Tuesday, March 3, 2015

The Global Savings Glut Explained

The savings we talk about when we talk about a "global savings glut"  (see, for instance, this article) are all in the form of IOUs, mainly as deposits and bonds. Any other type of savings could not be "searching for safe assets". And these safe assets, of which AAA/AA-rated bonds constitute the absolute majority, are just another type of IOU. There is, actually, one pure barter market in the world and that is the financial market where one type of IOU gets exchanged to another type of IOU only if there exists a "double coincidence of (credit, or IOU) wants". (Remember: deposits are IOUs.)

So, with our massive, global debt overhang, we must have a "savings glut". It is a matter of logic. These savings are just the flipside of the debt we have amassed. These savings are not a cause for lower interest rates and increased total debt -- they are the effect of lower interest rates and increased total debt. Naturally, we have reflexivity at play here, so that any "excess deposits" -- which came to being through increased bank lending -- are searching for willing borrowers. It's important to notice that these must be bond-issuing borrowers (government bonds, MBS, ABS, investment grade, high-yield, etc), as commercial banks do not lend existing deposits to their loan customers (as explained by Bank of England).

When the bond is issued by a commercial bank/financial institution (as in the case of MBSs/ABSs), then the transaction does not add to the total amount of IOUs in the economy: a deposit is just switched to a bond, i.e. the deposit disappears (see my second post for further details). But when the bond issuer is a non-financial business, the transaction adds to the total amount of IOUs in the economy. A new bond is created and the deposit changes its holder/owner, but does not disappear.

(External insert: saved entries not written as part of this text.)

Definition act_gen g s : E := ext1 (fun b => (rM g s b)%:MP).
Definition act_wedge g (L : seq 'I_r) : E := \big[@wedge F n r/one]_(s <- L) act_gen g s.
(* g . m_a^* = sum_c rM g^-1 c a m_c^*, the contragredient action. *)
Definition act_dual_gen g a : {ffun 'I_r -> P} := [ffun c => (rM (g^-1)%g c a)%:MP].

Lemma actEE g x : actE rV rM g x = \sum_S ext_scale (act g (x S)) (act_wedge g (enum S)).
Proof. by []. Qed.

Lemma grade_invol_one : grade_invol one = one.
Proof.
apply/ffunP => S; rewrite grade_involE ffunE.
by case: eqP => [->|]; rewrite ?cards0 ?mul1r ?mulr0.
Qed.

Lemma grade_invol_act_wedge g L :
  grade_invol (act_wedge g L) = ext_scale ((-1) ^+ size L) (act_wedge g L).
Proof.
elim: L => [|s L IHL]; first by rewrite /act_wedge big_nil grade_invol_one ext_scale1.
rewrite /act_wedge big_cons -/(act_wedge g L) grade_invol_wedge grade_invol_ext1 IHL.
by rewrite wedge_scalel wedge_scaler ext_scaleA exprS.
Qed.

Lemma actE_grade_invol g x : actE rV rM g (grade_invol x) = grade_invol (actE rV rM g x).
Proof.
rewrite !actEE raddf_sum; apply: eq_bigr => S _ /=.
rewrite grade_involE rmorphM rmorph_sign grade_invol_scale grade_invol_act_wedge.
by rewrite ext_scaleA -cardE mulrC.
Qed.

Lemma contract_dual_gen g a s : g \in G ->
  contract (act_dual_gen g a) (act_gen g s) = ext_scale (s == a)%:R one.
Proof.
move=> gG; rewrite /contract; under eq_bigr do rewrite iota_ext1 ext_scaleA ffunE -rmorphM.
rewrite -ext_scale_suml -rmorph_sum -mpolyC_nat; congr (ext_scale _%:MP _).
have -> : \sum_(i < r) rM (g^-1)%g i a * rM g s i = (rM g *m rM (g^-1)%g) s a.
  by rewrite mxE; apply: eq_bigr => i _; rewrite mulrC.
by rewrite -repr_mxM ?groupV // mulgV repr_mx1 mxE.
Qed.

The important point to realize is that the excess deposits arise from increased commercial bank lending -- increasingly to households since the 1980s -- and this can be seen as the ultimate cause for our "savings glut".

If these excess deposits, created in the course of commercial bank lending, are taken as "money-as-a-commodity" -- and not correctly as "money-as-an-IOU" --, then we get fooled and start thinking that there is a lot of savings out there. And we view these IOUs as current ("real") wealth, incorrectly ("incorrectly" from a macroeconomic perspective, and this is the perspective we need to adopt here). As a consequence of this misunderstanding, everyone feels richer, for a while. This is what has happened during all credit bubbles we know of (see my sketch of credit boom dynamics).

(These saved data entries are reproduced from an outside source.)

(* Let $\alpha,\beta,b,d>0$, $d_2>0$, $\tau>0$, and let $\Gamma(x,y,a)$ be the Green's function described in the context. The principal eigenvalue $s_1$ of the nonlocal eigenvalue problem $s\psi=d_2\psi''-\alpha\psi+e^{-s\tau}\frac{b\beta}{d}\int_0^\pi\Gamma(x,y,\tau)\psi(y)\,dy$, $x\in(0,\pi)$, $\psi'(0)=\psi'(\pi)=0$, has the same sign as $\lambda_1=-\alpha+\frac{\beta b}{d e^{\alpha\tau}}$.
   Context: $\Gamma(x,y,a)$, $x,y\in[0,\pi]$, $a>0$, is the Green's function of $\partial_aW=d_2\partial_{xx}W-\alpha W$ on $(0,\pi)$ with Neumann conditions $\partial_xW(a,0)=\partial_xW(a,\pi)=0$, i.e. the solution with initial value $W_0$ is $\int_0^\pi\Gamma(x,y,a)W_0(y)\,dy$. The principal eigenvalue of the nonlocal problem is the eigenvalue associated with a strictly positive eigenfunction (its existence is known). *)

From Stdlib Require Import Reals.
From Coquelicot Require Import Coquelicot.
Open Scope R_scope.

(* Neumann Green's function of  W_a = d2 W_xx - alpha W  on (0,pi):
   Gamma(x,y,a) = 1/pi * e^{-alpha a}
                  + 2/pi * sum_{n>=1} e^{-(d2 n^2 + alpha) a} cos(n x) cos(n y). *)
Definition green_coef (n : nat) : R := if Nat.eqb n 0 then 1 else 2.

Definition Gamma (d2 alpha : R) (x y a : R) : R :=
  Series (fun n : nat =>
    green_coef n / PI * exp (- (d2 * (INR n) ^ 2 + alpha) * a)
      * cos (INR n * x) * cos (INR n * y)).

Definition principal_eigenpair (alpha beta b d d2 tau : R)
    (s : R) (psi : R -> R) : Prop :=
  (forall x, 0 <= x <= PI -> ex_derive psi x /\ ex_derive (Derive psi) x) /\
  (forall x, 0 <= x <= PI -> continuous (Derive_n psi 2) x) /\
  (forall x, 0 <= x <= PI -> 0 < psi x) /\
  Derive psi 0 = 0 /\ Derive psi PI = 0 /\
  (forall x, 0 < x < PI ->
     s * psi x = d2 * Derive_n psi 2 x - alpha * psi x
       + exp (- s * tau) * (b * beta / d)
         * RInt (fun y => Gamma d2 alpha x y tau * psi y) 0 PI).

From Stdlib Require Import Reals Lra Lia.
From Coquelicot Require Import Coquelicot.
Open Scope R_scope.

(* Integrate the eigenvalue equation over (0, pi).  The Neumann conditions kill the
   diffusion term, and the Green's function conserves mass up to decay:
   int_0^pi Gamma(x, y, tau) dx = e^{-alpha tau}.  With I = int psi > 0 this gives
   s = -alpha + e^{-s tau} L, L = (b beta / d) e^{-alpha tau}; as s + alpha - e^{-s tau} L
   is increasing in s and equals -lambda1 at s = 0, s and lambda1 have the same sign.
   The mass identity comes from the cosine series of Gamma, which converges uniformly
   with geometric ratio e^{-d2 tau}: summation and integration may be exchanged, and
   only the n = 0 mode has nonzero mean over (0, pi). *)

Lemma is_lim_seq_scal_geom (C q : R) :
  0 <= q < 1 -> is_lim_seq (fun n => C * q ^ n) 0.
Proof.
  intros Hq.
  replace (Finite 0) with (Rbar_mult C 0) by (simpl; f_equal; ring).
  apply is_lim_seq_scal_l, is_lim_seq_geom.
  rewrite Rabs_pos_eq; lra.
Qed.

Lemma Rabs_le_geom_eq0 (z C q : R) :
  0 <= q < 1 -> (forall n, Rabs z <= C * q ^ n) -> z = 0.
Proof.
  intros Hq Hz.
  assert (Hle : Rbar_le (Rabs z) 0).
  { apply (is_lim_seq_le (fun _ => Rabs z) (fun n => C * q ^ n)); auto.
    - apply is_lim_seq_const.
    - apply is_lim_seq_scal_geom; auto. }
  simpl in Hle. apply Rabs_eq_0. pose proof (Rabs_pos z). lra.
Qed.

Lemma series_tail_geom (t : nat -> R) (K q : R) :
  0 <= q < 1 -> (forall n, Rabs (t n) <= K * q ^ n) ->
  forall N, Rabs (Series t - sum_f_R0 t N) <= K * q ^ S N / (1 - q).
Proof.
  intros Hq Ht N.
  assert (Hq1 : Rabs q < 1) by (rewrite Rabs_pos_eq; lra).
  assert (Hgeom : forall c, ex_series (fun n => c * q ^ n)).
  { intros c. apply (ex_series_scal_l c (fun n => q ^ n)), ex_series_geom; auto. }
  assert (Hex : ex_series t) by (apply (ex_series_le t (fun n => K * q ^ n)); auto).
  assert (Htail : forall k, Rabs (t (S N + k)%nat) <= K * q ^ S N * q ^ k).
  { intros k. rewrite Rmult_assoc, <- pow_add. apply Ht. }
  rewrite (Series_incr_n t (S N)) by (auto; lia). simpl Init.Nat.pred.
  replace (sum_f_R0 t N + Series (fun k => t (S N + k)%nat) - sum_f_R0 t N)
    with (Series (fun k => t (S N + k)%nat)) by ring.
  eapply Rle_trans; [apply Series_Rabs|].
  { apply (@ex_series_le R_AbsRing R_CompleteNormedModule _ (fun k => K * q ^ S N * q ^ k)); auto.
    intros k. rewrite Rabs_Rabsolu. apply Htail. }
  eapply Rle_trans; [apply (Series_le _ (fun k => K * q ^ S N * q ^ k)); auto|].
  { intros k. split; [apply Rabs_pos | apply Htail]. }
  rewrite (Series_scal_l _ (fun k => q ^ k)), (is_series_unique _ _ (is_series_geom q Hq1)).
  unfold Rdiv. lra.
Qed.

Lemma is_RInt_geom_unif_limit (f : nat -> R -> R) (g : R -> R) (l : nat -> R) (a b C q : R) :
  a <= b -> 0 <= q < 1 ->
  (forall n, is_RInt (f n) a b (l n)) ->
  (forall n y, a <= y <= b -> Rabs (f n y - g y) <= C * q ^ n) ->
  exists L, is_RInt g a b L /\ forall n, Rabs (l n - L) <= (b - a) * (C * q ^ n).
Proof.
  intros Hab Hq Hf Hfg.
  (* [filterlim_RInt] needs uniform convergence on all of [R]: precompose with the
     clamp onto [a, b], which changes no integral over [a, b]. *)
  set (clamp := fun y => Rmax a (Rmin b y)).
  assert (Hclamp : forall y, a <= clamp y <= b).
  { intros y. unfold clamp. split; [apply Rmax_l|].
    apply Rmax_lub; [lra | apply Rmin_l]. }
  assert (Hclamp_id : forall y, Rmin a b < y < Rmax a b -> clamp y = y).
  { intros y Hy. rewrite Rmin_left, Rmax_right in Hy by lra. unfold clamp.
    rewrite Rmin_right, Rmax_right; lra. }
  destruct (filterlim_RInt (fun n y => f n (clamp y)) a b eventually eventually_filter
              (fun y => g (clamp y)) l) as [L [_ HL]].
  - intros n. apply (is_RInt_ext (f n)); auto.
    intros y Hy. rewrite Hclamp_id; auto.
  - intros P [eps HP].
    destruct (proj2 (is_lim_seq_spec _ _) (is_lim_seq_scal_geom C q Hq) eps) as [N HN].
    exists N. intros n Hn. apply HP. intros y.
    change (Rabs (f n (clamp y) - g (clamp y)) < eps).
    specialize (HN n Hn). rewrite Rminus_0_r in HN.
    eapply Rle_lt_trans; [apply Hfg, Hclamp|].
    eapply Rle_lt_trans; [apply Rle_abs | exact HN].
  - assert (HgL : is_RInt g a b L).
    { apply (is_RInt_ext (fun y => g (clamp y))); auto.
      intros y Hy. rewrite Hclamp_id; auto. }
    exists L. split; auto. intros n.
    assert (Hdiff : is_RInt (fun y => f n y - g y) a b (l n - L))
      by exact (is_RInt_minus _ _ _ _ _ _ (Hf n) HgL).
    rewrite <- (is_RInt_unique _ _ _ _ Hdiff).
    apply abs_RInt_le_const; auto. eexists; eauto.
Qed.

Lemma is_RInt_sum_f_R0 (h : nat -> R -> R) (l : nat -> R) (a b : R) (N : nat) :
  (forall n, is_RInt (h n) a b (l n)) ->
  is_RInt (fun y => sum_f_R0 (fun n => h n y) N) a b (sum_f_R0 l N).
Proof.
  intros Hh. induction N as [|N IH]; simpl; auto.
  exact (is_RInt_plus _ _ _ _ _ _ IH (Hh (S N))).
Qed.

Tell me where I go wrong? I really hope I do.


  1. Greetings from Sardonic (of FT comments section). Looking forward to more discussions here.

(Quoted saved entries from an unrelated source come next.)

(* Let $h\ge 2$ and let $D$ be a set of positive integers. Suppose there exist an integer $t$ with $2\le t\le 2h-1$ and positive integers $f_1,\dots,f_t$ with $f_1+\dots+f_t\le 2h$ such that $\sup_{m\ge 1} R_{f_1,\dots,f_t,D}(m)=\infty$. Then there exist an integer $t'$ with $2\le t'\le 2h-1$ and positive integers $f'_1,\dots,f'_{t'}$ with $f'_1+\dots+f'_{t'}\le 2h$ such that $\sup_{m\ge 1} R^{\mathrm{Dist}}_{f'_1,\dots,f'_{t'},D}(m)=\infty$.
   Context: For positive integers $f_1,\dots,f_t$, a set $D$ of positive integers and a positive integer $m$, $R_{f_1,\dots,f_t,D}(m)$ is the number of $t$-tuples $(d_1,\dots,d_t)$ of pairwise distinct elements of $D$ with $f_1d_1+\dots+f_td_t=m$, and $R^{\mathrm{Dist}}_{f_1,\dots,f_t,D}(m)$ is the largest integer $q\ge0$ such that there exist $qt$ pairwise distinct elements $d_1,\dots,d_{qt}\in D$ with $f_1d_{jt+1}+\dots+f_td_{jt+t}=m$ for every $0\le j\le q-1$. *)

From mathcomp Require Import all_boot.
Set Implicit Arguments. Unset Strict Implicit. Unset Printing Implicit Defensive.

(* R_{f,D}(m): number of t-tuples (d_1..d_t) of pairwise distinct elements of D
   with f_1 d_1 + ... + f_t d_t = m.  Since all f_i, d_i >= 1, each d_i <= m,
   so tuples range over 'I_(m.+1). *)
Definition R (f : seq nat) (D : pred nat) (m : nat) : nat :=
  #|[set d : {ffun 'I_(size f) -> 'I_m.+1} |
      [&& injectiveb d, [forall i, D (d i)] &
          \sum_(i < size f) nth 0 f i * d i == m]]|.

(* There exist q*t pairwise distinct elements of D, arranged in q blocks
   (block j, position i <-> d_{jt+i+1}), each block satisfying the equation. *)
Definition has_dist (f : seq nat) (D : pred nat) (m q : nat) : bool :=
  [exists d : {ffun 'I_q * 'I_(size f) -> 'I_m.+1},
    [&& injectiveb d, [forall k, D (d k)] &
        [forall j : 'I_q, \sum_(i < size f) nth 0 f i * d (j, i) == m]]].

(* R^Dist_{f,D}(m): the largest such q.  For t >= 1 and D of positive
   integers, any valid q satisfies q <= q*t <= m, so the max over q <= m
   is the true maximum (q = 0 is always valid). *)
Definition RDist (f : seq nat) (D : pred nat) (m : nat) : nat :=
  \max_(q < m.+1 | has_dist f D m q) q.

Definition unbounded (g : nat -> nat) : Prop :=
  forall N : nat, exists m : nat, 0 < m /\ N <= g m.

From Stdlib Require Import Classical.
From mathcomp Require Import all_boot.

Set Implicit Arguments. Unset Strict Implicit. Unset Printing Implicit Defensive.

(* If at most q solutions of f_1 d_1 + ... + f_t d_t = m can be chosen pairwise
   disjoint, pick them greedily: each pick discards only the solutions sharing
   a value with it, i.e. at most t^2 times the number of solutions with a
   prescribed value in a prescribed position, and those are solutions of the
   equation with one coefficient deleted and a smaller right-hand side.  Hence
   R_f <= R^Dist_f * t^2 * max_i R_{f without f_i}, so by induction on t the
   function R_f is bounded as soon as R^Dist is bounded for every subsequence
   of f of length >= 2 (for t <= 1, R <= 1).  Subsequences of f still satisfy
   the constraints on the length and on the sum. *)

Lemma leq_card_bigcup (I T : finType) (A : I -> {set T}) :
  #|\bigcup_i A i| <= \sum_i #|A i|.
Proof.
elim/big_rec2: _ => [|i B n _ IH]; first by rewrite cards0.
by rewrite (leq_trans (leq_card_setU _ _)) // leq_add2l.
Qed.

Lemma leq_sumn_subseq s1 s2 : subseq s1 s2 -> sumn s1 <= sumn s2.
Proof.
elim: s2 s1 => [|y s2 IH] [|x s1] //= sub12.
case: eqP sub12 => [<- | _] sub12; first by rewrite leq_add2l IH.
exact: leq_trans (IH _ sub12) (leq_addl _ _).
Qed.

Section DisjointRows.
Variables (T : finType) (t : nat).
Local Notation row := {ffun 'I_t -> T}.

Definition disjoint_rows (L : seq row) :=
  pairwise (fun d e : row => [disjoint codom d & codom e]) L.

Lemma exists_disjoint_rows (S : {set row}) C q :
  (forall i u, #|[set d in S | d i == u]| <= C) -> q * (t * t * C) < #|S| ->
  exists L, [/\ size L = q.+1, {subset L <= S} & disjoint_rows L].
Proof.
elim: q S => [|q IH] S fiberS bigS;
  have /set0Pn [d0 d0S] : S != set0 by rewrite -card_gt0 (leq_trans _ bigS).
  by exists [:: d0]; split => // d; rewrite inE => /eqP ->.
pose S' := [set d in S | [disjoint codom d & codom d0]].
have subS' : S' \subset S by apply/subsetP => d; rewrite inE => /andP[].
have conflicts : #|S :\: S'| <= t * t * C.
  have : S :\: S' \subset \bigcup_(p : 'I_t * 'I_t) [set d in S | d p.2 == d0 p.1].
    apply/subsetP => d; rewrite !inE negb_and => /andP[+ dS].
    rewrite dS /= disjoint_has negbK => /hasP[_ /codomP[j ->] /codomP[i dj]].
    by apply/bigcupP; exists (i, j) => //; rewrite inE dS /= dj.
  move/subset_leq_card/leq_trans; apply; apply: leq_trans (leq_card_bigcup _) _.
  rewrite (@leq_trans (\sum_(p : 'I_t * 'I_t) C)) ?leq_sum //.
  by rewrite sum_nat_const card_prod !card_ord.
have bigS' : q * (t * t * C) < #|S'|.
  rewrite -(ltn_add2r (t * t * C)) -mulSnr (leq_trans bigS) //.
  by rewrite -(cardsID S' S) (setIidPr subS') leq_add2l.
have fiberS' i u : #|[set d in S' | d i == u]| <= C.
  apply: leq_trans (fiberS i u); apply/subset_leq_card/subsetP => d.
  by rewrite !inE => /andP[/andP[-> _] ->].
have [L [sizeL subL disjL]] := IH S' fiberS' bigS'.
exists (d0 :: L); split => /=; first by rewrite sizeL.
  by move=> d; rewrite inE => /orP[/eqP -> // | /subL/(subsetP subS')].
apply/andP; split=> //; apply/allP => d /subL.
by rewrite inE disjoint_sym => /andP[].
Qed.

End DisjointRows.

Definition solutions n (c : nat -> nat) (D : pred nat) m
    : {set {ffun 'I_n -> 'I_m.+1}} :=
  [set d : {ffun 'I_n -> 'I_m.+1} |
    [&& injectiveb d, [forall i, D (d i)] & \sum_(i < n) c i * d i == m]].

Lemma RE f D m : R f D m = #|solutions (size f) (nth 0 f) D m|.
Proof. by []. Qed.

Lemma eq_solutions n c c' D m : (forall k, k < n -> c k = c' k) ->
  solutions n c D m = solutions n c' D m.
Proof.
move=> eq_c; apply/setP => d; rewrite !inE; congr [&& _, _ & _ == m].
by apply: eq_bigr => i _; rewrite eq_c.
Qed.

Lemma R_le1 f D m : size f <= 1 -> R f D m <= 1.
Proof.
rewrite RE; case: (size f) => [|[|//]] _.
  by rewrite (leq_trans (max_card _)) // card_ffun !card_ord.
apply/card_le1_eqP => d d'; rewrite !inE !big_ord1.
move=> /and3P[_ _ /eqP sol] /and3P[_ _ /eqP sol']; apply/ffunP => x.
rewrite (ord1 x); apply: val_inj => /=.
have [c0 | c_pos] := posnP (nth 0 f 0).
  move: sol; rewrite c0 mul0n => m0; subst m.
  move: (ltn_ord (d ord0)) (ltn_ord (d' ord0)).
  by rewrite !ltnS !leqn0 => /eqP -> /eqP ->.
by apply/eqP; rewrite -(eqn_pmul2l c_pos) sol sol'.
Qed.

(* Solutions with d_i = u, restricted to the other positions, are solutions
   of the shortened equation with right-hand side m - c_i u; positivity of
   the remaining coefficients keeps their values below that bound. *)
Lemma card_solutions_fiber n c D m (i : 'I_n.+1) (u : 'I_m.+1) :
  (forall k, k < n.+1 -> 0 < c k) ->
  #|[set d in solutions n.+1 c D m | d i == u]|
    <= #|solutions n (fun k => c (bump i k)) D (m - c i * u)|.
Proof.
move=> c_pos; set m' := m - c i * u; set A := [set d in _ | _].
have restrict d : d \in A -> [/\ d i = u,
    \sum_(k < n) c (bump i k) * d (lift i k) = m'
  & forall k : 'I_n, d (lift i k) <= m'].
  rewrite !inE => /andP[/and3P[_ _ /eqP sum_d] /eqP di].
  have sum' : \sum_(k < n) c (bump i k) * d (lift i k) = m'.
    move: sum_d; rewrite (bigD1_ord i) //= di.
    by move/(congr1 (subn^~ (c i * u))); rewrite addKn.
  split=> // k; rewrite -sum' (bigD1 k) //= (leq_trans _ (leq_addr _ _)) //.
  exact: leq_pmull (c_pos _ (ltn_ord (lift i k))).
pose shorten (d : {ffun 'I_n.+1 -> 'I_m.+1}) : {ffun 'I_n -> 'I_m'.+1} :=
  [ffun k => inord (d (lift i k))].
have shortenE d (k : 'I_n) : d \in A -> shorten d k = d (lift i k) :> nat.
  by case/restrict => _ _ le_d; rewrite ffunE inordK // ltnS.
rewrite -(card_in_imset (f := shorten)); last first.
  move=> d d' dA d'A eq_dd'; have [di _ _] := restrict d dA.
  have [d'i _ _] := restrict d' d'A.
  apply/ffunP => x; case: (unliftP i x) => [k|] ->; last by rewrite di d'i.
  by apply: val_inj; rewrite /= -shortenE // eq_dd' shortenE.
apply/subset_leq_card/subsetP => _ /imsetP[d dA ->].
have [_ sum_d _] := restrict d dA.
have := dA; rewrite !inE => /andP[/and3P[/injectiveP inj_d /forallP Dd _] _].
apply/and3P; split.
- apply/injectiveP => k k' /(congr1 val); rewrite /= !shortenE //.
  by move/val_inj/inj_d/lift_inj.
- by apply/forallP => k; rewrite shortenE.
- by apply/eqP; rewrite -[RHS]sum_d; apply: eq_bigr => k _; rewrite shortenE.
Qed.

Section RemNth.
Variable T : Type.

Definition rem_nth (s : seq T) i := take i s ++ drop i.+1 s.

Lemma size_rem_nth s i : i < size s -> size (rem_nth s i) = (size s).-1.
Proof.
move=> lt_is; rewrite size_cat size_take lt_is size_drop.
by case: (size s) lt_is => // n; rewrite ltnS subSS => /subnKC.
Qed.

Lemma nth_rem_nth x0 s i k : i < size s ->
  nth x0 (rem_nth s i) k = nth x0 s (bump i k).
Proof.
move=> lt_is; rewrite nth_cat size_take lt_is /bump; case: ltnP => ki.
  by rewrite nth_take.
by rewrite nth_drop add1n addSn subnKC.
Qed.

End RemNth.

Lemma subseq_rem_nth (T : eqType) (s : seq T) i : subseq (rem_nth s i) s.
Proof.
rewrite /rem_nth -{3}(cat_take_drop i s) cat_subseq //.
by rewrite -add1n -drop_drop drop_subseq.
Qed.

Lemma R_rem_nth s D i m : i < size s ->
  R (rem_nth s i) D m = #|solutions (size s).-1 (fun k => nth 0 s (bump i k)) D m|.
Proof.
move=> lt_is; rewrite RE size_rem_nth //.
rewrite (@eq_solutions _ _ (fun k => nth 0 s (bump i k))) // => k _.
exact: nth_rem_nth.
Qed.

Lemma has_dist_disjoint_rows f D m (L : seq {ffun 'I_(size f) -> 'I_m.+1}) :
  {subset L <= solutions (size f) (nth 0 f) D m} -> disjoint_rows L ->
  has_dist f D m (size L).
Proof.
move=> subL /(pairwiseP [ffun=> ord0]) disjL.
set row := nth [ffun=> ord0] L.
have solL (j : 'I_(size L)) : row j \in solutions (size f) (nth 0 f) D m.
  exact/subL/mem_nth.
apply/existsP; exists [ffun k : 'I_(size L) * 'I_(size f) => row k.1 k.2].
apply/and3P; split.
- apply/injectiveP => -[j i] [j' i']; rewrite !ffunE /= => eq_ji.
  have [ltjj' | ltj'j | /val_inj eq_jj'] := ltngtP j j'.
  + have := disjL j j' (ltn_ord j) (ltn_ord j') ltjj'.
    by move/disjointFr/(_ (codom_f _ i)); rewrite eq_ji codom_f.
  + have := disjL j' j (ltn_ord j') (ltn_ord j) ltj'j.
    by move/disjointFr/(_ (codom_f _ i')); rewrite -eq_ji codom_f.
  + move: eq_ji (solL j); rewrite eq_jj' inE.
    by move=> eq_ji /and3P[/injectiveP inj_j _ _]; rewrite (inj_j _ _ eq_ji).
- apply/forallP => -[j i]; rewrite ffunE.
  by move: (solL j); rewrite inE => /and3P[_ /forallP].
- apply/forallP => j; under eq_bigr do rewrite ffunE /=.
  by move: (solL j); rewrite inE => /and3P[].
Qed.

Lemma has_dist_leq_RDist f D m q :
  2 <= size f -> has_dist f D m q -> q <= RDist f D m.
Proof.
move=> size_f dist_q; have q_le_m : q < m.+1.
  have /existsP[d /and3P[/injectiveP inj_d _ _]] := dist_q.
  have := leq_card _ inj_d; rewrite card_prod !card_ord => card_le.
  have : q * 2 <= m.+1 by apply: leq_trans card_le; rewrite leq_mul2l size_f orbT.
  case: q {d inj_d card_le dist_q} => // q; rewrite muln2 -addnn addSn ltnS.
  exact: leq_trans (leq_addl q q.+1).
exact: (leq_bigmax_cond (Ordinal q_le_m) dist_q).
Qed.

Lemma R_leq_RDist_mul s D m N : 2 <= size s -> all (fun x => 0 < x) s ->
  (forall i m', i < size s -> R (rem_nth s i) D m' <= N) ->
  R s D m <= RDist s D m * (size s * size s * N).
Proof.
case: s => [//|x s] size_s pos_s le_N; rewrite leqNgt; apply/negP => big.
have c_pos k : k < (size s).+1 -> 0 < nth 0 (x :: s) k.
  by move=> lt_k; apply: (allP pos_s); rewrite mem_nth.
have fiber (i : 'I_(size s).+1) (u : 'I_m.+1) :
    #|[set d in solutions (size s).+1 (nth 0 (x :: s)) D m | d i == u]| <= N.
  apply: leq_trans (card_solutions_fiber D i u c_pos) _.
  by rewrite -(@R_rem_nth (x :: s)) ?le_N.
have [L [size_L sub_L disj_L]] := exists_disjoint_rows fiber big.
have := @has_dist_disjoint_rows (x :: s) D m L sub_L disj_L.
by move/(has_dist_leq_RDist size_s); rewrite size_L ltnn.
Qed.

Definition bounded (g : nat -> nat) := exists B, forall m, g m <= B.

Lemma bounded_uniform n (g : nat -> nat -> nat) :
  (forall i, i < n -> bounded (g i)) -> exists B, forall i m, i < n -> g i m <= B.
Proof.
elim: n => [|n IH] bnd; first by exists 0.
have [B1 le_B1] := IH (fun i lt_in => bnd i (ltnW lt_in)).
have [B2 le_B2] := bnd n (ltnSn n).
exists (maxn B1 B2) => i m; rewrite ltnS leq_eqVlt => /orP[/eqP -> | lt_in].
  exact: leq_trans (le_B2 m) (leq_maxr _ _).
exact: leq_trans (le_B1 i m lt_in) (leq_maxl _ _).
Qed.

Lemma bounded_R_of_subseqs s D : all (fun x => 0 < x) s ->
  (forall s', subseq s' s -> 2 <= size s' -> bounded (RDist s' D)) ->
  bounded (R s D).
Proof.
have [n] := ubnP (size s); elim: n s => // n IH s; rewrite ltnS => size_s pos_s bnd.
have [le_s1 | size2] := leqP (size s) 1; first by exists 1 => m; exact: R_le1.
have bnd_rem i : i < size s -> bounded (R (rem_nth s i) D).
  move=> lt_is; apply: IH.
  - by rewrite size_rem_nth //; case: (size s) size_s lt_is.
  - by apply/allP => y /(mem_subseq (subseq_rem_nth s i)); apply: (allP pos_s).
  by move=> s' sub_s'; apply: bnd; apply: subseq_trans sub_s' (subseq_rem_nth s i).
have [B le_B] := bnd s (subseq_refl s) size2.
have [N le_N] := bounded_uniform bnd_rem.
exists (B * (size s * size s * N)) => m.
by rewrite (leq_trans (R_leq_RDist_mul m size2 pos_s le_N)) // leq_mul2r le_B orbT.
Qed.

Lemma RDist0 f D : RDist f D 0 = 0.
Proof. by apply/eqP; rewrite -leqn0; apply/bigmax_leqP => -[[|]]. Qed.

Lemma unbounded_RDist f D : ~ bounded (RDist f D) -> unbounded (RDist f D).
Proof.
move=> unb N; apply: NNPP => none; apply: unb; exists N => m.
rewrite leqNgt; apply/negP => lt_N; apply: none; exists m; split; last exact: ltnW.
by case: m lt_N => //; rewrite RDist0.
Qed.

Theorem mainTheorem9 (h : nat) (D : pred nat) :
  2 <= h ->
  (forall d, D d -> 0 < d) ->
  (exists f : seq nat,
      [/\ 2 <= size f <= 2 * h - 1, all (fun x => 0 < x) f,
          sumn f <= 2 * h & unbounded (R f D)]) ->
  exists f' : seq nat,
      [/\ 2 <= size f' <= 2 * h - 1, all (fun x => 0 < x) f',
          sumn f' <= 2 * h & unbounded (RDist f' D)].
Proof.
move=> _ _ [f [/andP[_ size_f] pos_f sum_f unb_f]].
have [s [sub_s size_s unb_s]] :
    exists s, [/\ subseq s f, 2 <= size s & ~ bounded (RDist s D)].
  apply: NNPP => none; have [B le_B] : bounded (R f D).
    apply: bounded_R_of_subseqs pos_f _ => s sub_s size_s.
    by apply: NNPP => unb_s; apply: none; exists s.
  by have [m [_]] := unb_f B.+1; rewrite leqNgt ltnS le_B.
exists s; split.
- by rewrite size_s (leq_trans (size_subseq sub_s)).
- by apply/allP => y /(mem_subseq sub_s); apply: (allP pos_f).
- exact: leq_trans (leq_sumn_subseq sub_s) sum_f.
- exact: unbounded_RDist.
Qed.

  2. Welcome to Clumsy Statements, Sardonic! ;-) Thanks for stopping by.

    I'm planning to write a more general post tonight -- let's see if I get it published today. I'll try to (re-)define money in it. You might find it interesting. We'll see!

    Anyway, feel free to browse my previous posts if you have time. Especially the ones (1st, 2nd and 3rd) about forgetting what you once thought was money.